Mean (±SD) ITS1 region length of unique sequences from UNITE + INSD67 v10.0 focusing on fungal classes and mycorrhizal fungal genera with described species in Australia based on the Fungi Name Index (https://fungi.biodiversity.org.au). (a) Fungal classes, (b) ectomycorrhizal (ECM) genera from the class Agaricomycetes, (c) ECM genera from phylum Ascomycota, and (d) arbuscular mycorrhizal genera from phylum Glomeromycota. Colours illustrate classes and genera that were detected (in black) or not (in red) in our contemporary Australian Microbiome dataset. The detection of classes did not improve when partial ITS1 regions were retained. The dotted line at 230 bp marks the 99th percentile of ITS1 sequence length in our contemporary Australian Microbiome dataset. Classes with a standard deviation extending above this line are likely to contain taxa likely to remain undetected in the dataset.
Impact of abundance filtering approaches on diversity estimates across fungal phyla
To assess the robustness of our filtering approach, we evaluated how sample-wise and library-wise OTU abundance filtering impacted the diversity and prevalence of OTUs across high level groups in our contemporary Australian Microbiome dataset. These groups included phylum Ascomycota, phylum Basidiomycota, subkingdom Mucoromyceta (Calcarisporiellomycota, Glomeromycota, Mortierellomycota and Mucoromycota), and early diverging phyla of unicellular zoosporic fungi96 (mostly phyla Rozellomycota and Chytridiomycota) (Fig. 7).
Impact of sample‐wise and library‐wise abundance filtering thresholds on the mean richness (absolute and relative), abundance (absolute and relative), and prevalence of fungal operational taxonomic units (OTUs): (a) Phylum Ascomycota, (b) phylum Basidiomycota, (c) subkingdom Mucoromyceta (comprising phyla Calcarisporiellomycota, Glomeromycota, Mortierellomycota and Mucoromycota), and (d) early‐diverging lineages of zoosporic fungi (predominantly phyla Rozellomycota and Chytridiomycota). Sample‐wise thresholds are shown along the x‐axis, and paired boxes represent library‐wise thresholds of 0.5% (on the left) and 1.0% (on the right). Panels (e,f) demonstrate the impact of sample‐wise filtering on global relative richness and abundance, based on the 0.5% library‐wise abundance filter, which produced a marked effect on richness and a marginal effect on relative sequence abundance at high taxonomic resolution.
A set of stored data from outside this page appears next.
(* Let $c_2,e_3,d_4$ be general homogeneous polynomials in $(u,v)$ of degrees $2,3,4$. The quartic surface $$\mathcal{K}\colon\ (w^2-uv)\,y^2 = c_2(u,v)w^2 + e_3(u,v)w + d_4(u,v)$$ in $\mathbb{P}^3=\mathbb{P}(u,v,w,y)$ has two rational double point singularities of type $\mathbf{A}_1$, at $\mathrm{p}_1=[0:0:0:1]$ and $\mathrm{p}_2=[0:0:1:0]$. *)

From HB Require Import structures.
From mathcomp Require Import all_boot all_order all_algebra.
From mathcomp Require Import mpoly.
Set Implicit Arguments. Unset Strict Implicit. Unset Printing Implicit Defensive.
Import GRing.Theory.
Local Open Scope ring_scope.

Definition U_ {F : fieldType} : {mpoly F[4]} := 'X_(inord 0).
Definition V_ {F : fieldType} : {mpoly F[4]} := 'X_(inord 1).
Definition W_ {F : fieldType} : {mpoly F[4]} := 'X_(inord 2).
Definition Y_ {F : fieldType} : {mpoly F[4]} := 'X_(inord 3).

(* The 12 coefficients of (c_2, e_3, d_4) are a : 'I_12 -> F:
   c_2 = sum_{k<=2} a_k u^k v^(2-k),
   e_3 = sum_{k<=3} a_(3+k) u^k v^(3-k),
   d_4 = sum_{k<=4} a_(7+k) u^k v^(4-k). *)
Definition binform {F : fieldType} (a : 'I_12 -> F) (off deg : nat) : {mpoly F[4]} :=
  \sum_(k < deg.+1) (a (inord (off + k)))%:MP * U_ ^+ k * V_ ^+ (deg - k).

Definition c2 {F : fieldType} (a : 'I_12 -> F) := binform a 0 2.
Definition e3 {F : fieldType} (a : 'I_12 -> F) := binform a 3 3.
Definition d4 {F : fieldType} (a : 'I_12 -> F) := binform a 7 4.

Definition Kpoly {F : fieldType} (a : 'I_12 -> F) : {mpoly F[4]} :=
  (W_ ^+ 2 - U_ * V_) * Y_ ^+ 2 - (c2 a * W_ ^+ 2 + e3 a * W_ + d4 a).

(* A point of P^3 is represented by a nonzero vector p : 'I_4 -> F. *)
Definition nonzero_vec {F : fieldType} (p : 'I_4 -> F) := exists i, p i != 0.

Definition same_proj_point {F : fieldType} (p q : 'I_4 -> F) :=
  exists2 l : F, l != 0 & forall i, p i = l * q i.

Definition singular_point {F : fieldType} (G : {mpoly F[4]}) (p : 'I_4 -> F) :=
  nonzero_vec p /\ meval p G = 0 /\ forall i, meval p (mderiv i G) = 0.

(* Rational double point of type A_1 (ordinary node): p is singular and, in an
   affine chart x_i = 1 containing p, the Hessian of the dehomogenized local
   equation at (the representative of) p is nondegenerate.  The second partial
   derivatives of the dehomogenization in the chart variables x_j (j <> i)
   are the d_j d_k G evaluated at p / p_i. *)
Definition A1_point {F : fieldType} (G : {mpoly F[4]}) (p : 'I_4 -> F) :=
  singular_point G p /\
  exists i : 'I_4, p i != 0 /\
    let q := fun j => p j / p i in
    let H := \matrix_(j < 3, k < 3)
               meval q (mderiv (lift i k) (mderiv (lift i j) G)) in
    \det H != 0.

Definition p1 {F : fieldType} : 'I_4 -> F := fun i => if val i == 3%N then 1 else 0.
Definition p2 {F : fieldType} : 'I_4 -> F := fun i => if val i == 2%N then 1 else 0.

From HB Require Import structures.
From mathcomp Require Import all_boot all_order all_algebra.
From mathcomp Require Import mpoly ring zify.

Set Implicit Arguments.
Unset Strict Implicit.
Unset Printing Implicit Defensive.

Import GRing.Theory.
Local Open Scope ring_scope.

Section PolySize.
Variable R : nzRingType.
Implicit Types p q : {poly R}.

Lemma leq_size_mul p q m n :
  (size p <= m.+1)%N -> (size q <= n.+1)%N -> (size (p * q)%R <= (m + n).+1)%N.
Proof.
by move=> sp sq; apply: leq_trans (size_polyMleq p q) _; lia.
Qed.

Lemma coefM_sizes p q m n : (size p <= m.+1)%N -> (size q <= n.+1)%N ->
  (p * q)`_(m + n) = p`_m * q`_n.
Proof.
move=> sp sq; have m_lt : (m < (m + n).+1)%N by rewrite ltnS leq_addr.
rewrite coefM (bigD1 (Ordinal m_lt)) //= addKn big1 ?addr0 // => -[i /= i_lt] ne_im.
have [i_lt_m | i_gt_m] := ltnP i m.
  by rewrite [q`__]nth_default ?mulr0 // (leq_trans sq) //; lia.
rewrite nth_default ?mul0r // (leq_trans sp) //.
by move: ne_im; rewrite -val_eqE /=; lia.
Qed.

Lemma size_Mn_leq p k : (size (p *+ k)%R <= size p)%N.
Proof. by apply/leq_sizeP => j j_ge; rewrite coefMn nth_default ?mul0rn. Qed.

Lemma size_deriv_leq p n : (size p <= n.+1)%N -> (size p^`() <= n)%N.
Proof.
have [-> _|p_nz sp] := eqVneq p 0; first by rewrite deriv0 size_poly0.
by rewrite -ltnS (leq_trans (lt_size_deriv p_nz)).
Qed.

Lemma size_comp_Xn_leq p n k :
  (size p <= n.+1)%N -> (size (p \Po 'X^k) <= (n * k).+1)%N.
Proof.
move=> sp; apply: leq_trans (size_comp_poly_leq _ _) _.
by rewrite size_polyXn ltnS leq_mul2r; apply/orP; right; lia.
Qed.

Lemma lead_coef_size p n : (size p <= n.+1)%N -> p`_n != 0 -> lead_coef p = p`_n.
Proof.
move=> sp pn_nz; rewrite lead_coefE; suff -> : size p = n.+1 by [].
by apply/eqP; rewrite eqn_leq sp ltnNge; apply: contra pn_nz => ?; rewrite nth_default.
Qed.
Lemma lt_size_coef p n : p`_n != 0 -> (n < size p)%N.
Proof. by apply: contraR; rewrite -leqNgt => ?; rewrite nth_default. Qed.

End PolySize.


Lemma rmorph_resultant (aR rR : comNzRingType) (f : {rmorphism aR -> rR})
    (p q : {poly aR}) :
    f (lead_coef p) != 0 -> f (lead_coef q) != 0 ->
  f (resultant p q) = resultant (map_poly f p) (map_poly f q).
Proof.
move=> nz_fp nz_fq; rewrite /resultant /Sylvester_mx !size_map_poly_id0 //.
rewrite -det_map_mx /= map_col_mx; congr (\det (col_mx _ _));
  by apply: map_lin1_mx => v; rewrite map_poly_rV rmorphM /= map_rVpoly.
Qed.

Lemma rmorph_resultant_eq0 (aR rR : comNzRingType) (f : {rmorphism aR -> rR})
    (p q : {poly aR}) x :
    (1 < size p)%N -> (1 < size q)%N -> root (map_poly f p) x -> root (map_poly f q) x ->
  f (resultant p q) = 0.
Proof.
move=> p_gt1 q_gt1 /eqP px0 /eqP qx0.
have [[u v] _ /= /(congr1 (fun r => (map_poly f r).[x]))] := resultant_in_ideal p_gt1 q_gt1.
by rewrite map_polyC hornerC rmorphD !rmorphM /= hornerD !hornerM px0 qx0 !mulr0 addr0.
Qed.

Lemma resultant_neq0 (K : closedFieldType) (p q : {poly K}) :
  (forall x, root p x -> ~~ root q x) -> resultant p q != 0.
Proof.
move=> no_common_root; rewrite resultant_eq0; apply/negP.
move=> /gtn_eqF/negbT/closed_rootP[x]; rewrite root_gcd => /andP[px qx].
by rewrite (negPf (no_common_root x px)) in qx.
Qed.

Lemma XnDC_no_double_root (F : fieldType) n (c x : F) :
  n%:R != 0 :> F -> c != 0 -> root ('X^n + c%:P) x -> ~~ root ('X^n + c%:P)^`() x.
Proof.
move=> n_neq0 c_neq0; rewrite /root derivD derivXn derivC addr0 hornerD hornerXn hornerC.
rewrite hornerMn hornerXn -mulr_natr mulf_eq0 (negPf n_neq0) orbF expf_eq0 => x_root.
apply/negP => /andP[_ /eqP x0]; move: x_root; rewrite x0 expr0n.
by case: n n_neq0 => [|n] /=; rewrite ?eqxx // add0r (negPf c_neq0).
Qed.

Lemma resultant_coef_neq0 (R : comNzRingType) (K : closedFieldType)
    (f : {rmorphism R -> K}) (p q : {poly R}) m n :
    (size p <= m.+1)%N -> (size q <= n.+1)%N -> f p`_m != 0 -> f q`_n != 0 ->
    (forall x, root (map_poly f p) x -> ~~ root (map_poly f q) x) ->
  resultant p q != 0.
Proof.
move=> sp sq fp fq no_common_root.
have coef_neq0 r : f r != 0 -> r != 0 by apply: contraNneq => ->; rewrite rmorph0.
have ffp : f (lead_coef p) != 0 by rewrite (lead_coef_size sp) ?coef_neq0.
have ffq : f (lead_coef q) != 0 by rewrite (lead_coef_size sq) ?coef_neq0.
apply: contraNneq (resultant_neq0 no_common_root) => res0.
by rewrite -rmorph_resultant // res0 rmorph0.
Qed.

Lemma coef_root_resultant (R : comNzRingType) (K : comNzRingType)
    (f : {rmorphism R -> K}) (p q : {poly R}) m n x :
    (0 < m)%N -> (0 < n)%N -> f p`_m != 0 -> f q`_n != 0 ->
    f (resultant p q) != 0 -> root (map_poly f p) x -> ~~ root (map_poly f q) x.
Proof.
move=> m_gt0 n_gt0 fp fq fres px; apply: contra fres => qx.
have coef_neq0 r : f r != 0 -> r != 0 by apply: contraNneq => ->; rewrite rmorph0.
apply/eqP; apply: rmorph_resultant_eq0 px qx.
  exact: leq_trans (lt_size_coef (coef_neq0 _ fp)).
exact: leq_trans (lt_size_coef (coef_neq0 _ fq)).
Qed.


Section QuadraticFamily.
Variables (R : comNzRingType) (C E D : {poly R}).

Definition quad_disc := E * E - C * D *+ 4.

Definition conic_poly := (C \Po 'X^2) * 'X^2 + (E \Po 'X^2) * 'X + (D \Po 'X^2).

Lemma quad_disc_eq0 (c e d w : R) :
  c * w ^+ 2 + e * w + d = 0 -> c * w *+ 2 + e = 0 -> e * e - c * d *+ 4 = 0.
Proof.
move=> f0 fw0; transitivity ((c * w *+ 2 + e) ^+ 2 - c * (c * w ^+ 2 + e * w + d) *+ 4).
  by ring.
by rewrite f0 fw0; ring.
Qed.

Lemma sing_wy_quad_disc (c e d w y : R) :
  w ^+ 2 * y ^+ 2 = c * w ^+ 2 + e * w + d -> w * y ^+ 2 *+ 2 = c * w *+ 2 + e ->
  w = 0 \/ y = 0 -> e * e - c * d *+ 4 = 0 \/ d = 0.
Proof.
move=> f0 fw0 [w0 | y0]; [right | left].
  transitivity (c * w ^+ 2 + e * w + d); first by rewrite w0; ring.
  by rewrite -f0 w0; ring.
by apply: (quad_disc_eq0 (w := w)); [rewrite -f0 | rewrite -fw0]; rewrite y0; ring.
Qed.

Lemma quad_disc_double_root t s :
  C.[t] * s ^+ 2 + E.[t] * s + D.[t] = 0 ->
  C.[t] * s *+ 2 + E.[t] = 0 ->
  C^`().[t] * s ^+ 2 + E^`().[t] * s + D^`().[t] = 0 ->
  root quad_disc t /\ root quad_disc^`() t.
Proof.
move=> f0 fs0 ft0; rewrite /root /quad_disc !derivE !(hornerD, hornerN, hornerM, hornerMn).
split; apply/eqP; first exact: quad_disc_eq0 f0 fs0.
transitivity ((C.[t] * s *+ 2 + E.[t]) * (C^`().[t] * s *+ 2 + E^`().[t]) *+ 2
  - (C^`().[t] * (C.[t] * s ^+ 2 + E.[t] * s + D.[t])
     + C.[t] * (C^`().[t] * s ^+ 2 + E^`().[t] * s + D^`().[t])) *+ 4); first by ring.
by rewrite fs0 f0 ft0; ring.
Qed.

Lemma conic_poly_double_root s y :
  C.[s ^+ 2] * s ^+ 2 + E.[s ^+ 2] * s + D.[s ^+ 2] = 0 ->
  y ^+ 2 + (C^`().[s ^+ 2] * s ^+ 2 + E^`().[s ^+ 2] * s + D^`().[s ^+ 2]) = 0 ->
  s * y ^+ 2 *+ 2 - (C.[s ^+ 2] * s *+ 2 + E.[s ^+ 2]) = 0 ->
  root conic_poly s /\ root conic_poly^`() s.
Proof.
move=> f0 ft0 fs0; rewrite /root /conic_poly !(derivXn, derivX, derivD, derivM, deriv_comp).
rewrite !(hornerXn, hornerX, hornerC, hornerD, hornerM, hornerMn, horner_comp).
split; apply/eqP; first by rewrite -f0; ring.
transitivity (s * (y ^+ 2 + (C^`().[s ^+ 2] * s ^+ 2 + E^`().[s ^+ 2] * s
  + D^`().[s ^+ 2])) *+ 2 - (s * y ^+ 2 *+ 2 - (C.[s ^+ 2] * s *+ 2 + E.[s ^+ 2])));
  first by ring.
by rewrite ft0 fs0; ring.
Qed.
Increasing OTU filtering thresholds generally led to a decrease in mean OTU abundance, richness, and prevalence (Fig. 7). Overall, higher filtering thresholds favoured abundant OTUs in phylum Basidiomycota, while discriminating against OTUs from early diverging phyla. Consequently, our chosen 0.1% sample-wise and 0.5% library-wise cut-offs tended to overestimate the proportional richness of Basidiomycota OTUs to the detriment of early diverging phyla. A similar trend was noted for global OTU richness, however, there was no significant impact on the global relative abundance of sequences (Fig. 7).
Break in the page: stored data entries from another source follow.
Lemma expR_half x : expR x = expR (x / 2) ^+ 2.
Proof. by rewrite expr2 -expRD -splitr. Qed.

Lemma sh_half x : sh x = 2 * sh (x / 2) * ch (x / 2).
Proof.
have E0 : expR (x / 2) != 0 by rewrite gt_eqF ?expR_gt0.
by rewrite /sh /ch !expRN expR_half; field.
Qed.

Lemma ch_half_sqr x : ch (x / 2) ^+ 2 = (expR x + (expR x)^-1 + 2) / 4.
Proof.
have E0 : expR (x / 2) != 0 by rewrite gt_eqF ?expR_gt0.
by rewrite /ch expRN [expR x]expR_half; field.
Qed.

End Hyperbolic.

Section ScalarIdentities.
Variable R : realType.

Lemma quadratic_roots_outside (a b c : R) :
  0 < a -> c < 0 -> a + b + c < 0 ->
  exists s t, [/\ s < 0, 1 < t, a * s ^+ 2 + b * s + c = 0 & a * t ^+ 2 + b * t + c = 0].
Proof.
move=> a0 c0 abc0.
have disc0 : 0 <= b ^+ 2 - 4 * a * c by nra.
set q := Num.sqrt (b ^+ 2 - 4 * a * c).
have q2 : q ^+ 2 = b ^+ 2 - 4 * a * c by rewrite sqr_sqrtr.
have q0 : 0 <= q by apply: sqrtr_ge0.
have quad_at e : a * ((- b + e * q) / (2 * a)) ^+ 2 + b * ((- b + e * q) / (2 * a)) + c
              = (e ^+ 2 * q ^+ 2 - (b ^+ 2 - 4 * a * c)) / (4 * a).
  by field; rewrite gt_eqF.
exists ((- b + (-1) * q) / (2 * a)), ((- b + 1 * q) / (2 * a)); split.
- rewrite pmulr_llt0 ?invr_gt0 ?mulr_gt0 //.
  have : b ^+ 2 < q ^+ 2 by rewrite q2; nra.
  nra.
- rewrite ltr_pdivlMr ?mulr_gt0 // mul1r.
  have : (2 * a + b) ^+ 2 < q ^+ 2 by rewrite q2; nra.
  nra.
- by rewrite quad_at sqrrN expr1n mul1r q2 subrr mul0r.
- by rewrite quad_at expr1n mul1r q2 subrr mul0r.
Qed.

(* [s] and [t] are the roots of [A z^2 + 2 B z + (X - 1)], so by Vieta
   [2 B = - A (s + t)] and [X - 1 = A s t]. *)
Lemma chord_cross_ratio (A B X s t : R) : 0 < A -> s < 0 -> 1 < t ->
  X + 2 * s * B + s ^+ 2 * A = 1 -> X + 2 * t * B + t ^+ 2 * A = 1 ->
  let Q := (1 - s) * t / (- s * (t - 1)) in
  (Q + Q^-1 + 2) / 4 = (1 - (X + B)) ^+ 2 / ((1 - X) * (1 - (X + 2 * B + A))).
Proof.
move=> A0 s0 t1 es et Q.
have hB : 2 * B = - A * (s + t).
  have : (s - t) * (2 * B + A * (s + t))
         = (X + 2 * s * B + s ^+ 2 * A) - (X + 2 * t * B + t ^+ 2 * A) by ring.
  rewrite es et subrr => /eqP; rewrite mulf_eq0 subr_eq0 lt_eqF /=; last by lra.
  by move/eqP/(canRL (addrK _)); rewrite sub0r mulNr.
have hX : X = 1 + A * s * t by rewrite -es mulrAC hB; ring.
have -> : B = - A * (s + t) / 2 by rewrite -hB; field.
have -> : 1 - (X + 2 * (- A * (s + t) / 2) + A) = A * (1 - s) * (t - 1).
  by rewrite hX; field.
rewrite /Q hX.
have sne0 : s != 0 by rewrite lt_eqF.
have tne0 : t != 0 by rewrite gt_eqF //; lra.
have t1ne0 : t - 1 != 0 by rewrite gt_eqF //; lra.
have s1ne0 : 1 - s != 0 by rewrite gt_eqF //; lra.
have Ane0 : A != 0 by rewrite gt_eqF.
by field; rewrite opprD addrA subrr add0r oppr_eq0 !mulf_neq0 ?t1ne0 ?s1ne0 ?Ane0 ?sne0 ?tne0.
Qed.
Impact of sequencing depth on OTU richness
We visualised the relationship between sequencing depth and OTU richness, as well as sequencing depth per sample, with rarefaction curves (Fig. 8). Rarefaction curves were in saturation across all samples, and sequencing depth explained <0.1% of the variation in OTU richness within the Australian samples of the contemporary dataset. In contrast, sequencing depth explained 8.5% of the variation in OTU richness in the Antarctic samples (Fig. 8a). These results illustrate that the raw sample-by-OTU matrix does not need rarefaction before conducting diversity analyses on Australian samples, yet diversity analyses specifically focusing on Antarctic samples may benefit from including log-transformed sequencing depth as a covariate in models.
Impact of sequencing depth on operational taxonomic unit (OTU) richness: (a) Relationship between sequencing depth and fungal OTU richness in Australian and Antarctic samples; (b) rarefaction curves per sample. The vertical grey line represents the minimum sequencing depth with the maximum sequencing depth truncated to 20,000 sequences to improve readability.
Impact of mould abundance on OTU richness
Moulds resulting from poor sample preservation can negatively impact sample OTU richness97. We tested this by correlating mould relative abundance (i.e. Mucorales, Mortierellales, Umbelopsidales, Aspergillaceae, Trichocomaceae, Bifiguratus and Trichoderma) with fungal OTU richness in our contemporary dataset. Although mould relative abundance did not affect the overall richness of OTUs, it accounted for 10.1% of the variation in OTU richness in samples with a mould relative abundance greater than the median value (Fig. 9a). We found that the relative abundance of Mortierellales, Umbelopsidales and Trichoderma (herein collectively referred to as moulds) had a particularly negative impact on OTU richness, and used their cumulative relative abundance as a proxy for mould contamination. After removing samples with putative mould contamination based on a 35% relative abundance threshold (i.e. mean mould relative abundance plus three standard deviations), the impact of mould relative abundance on OTU richness was drastically reduced (Fig. 9b).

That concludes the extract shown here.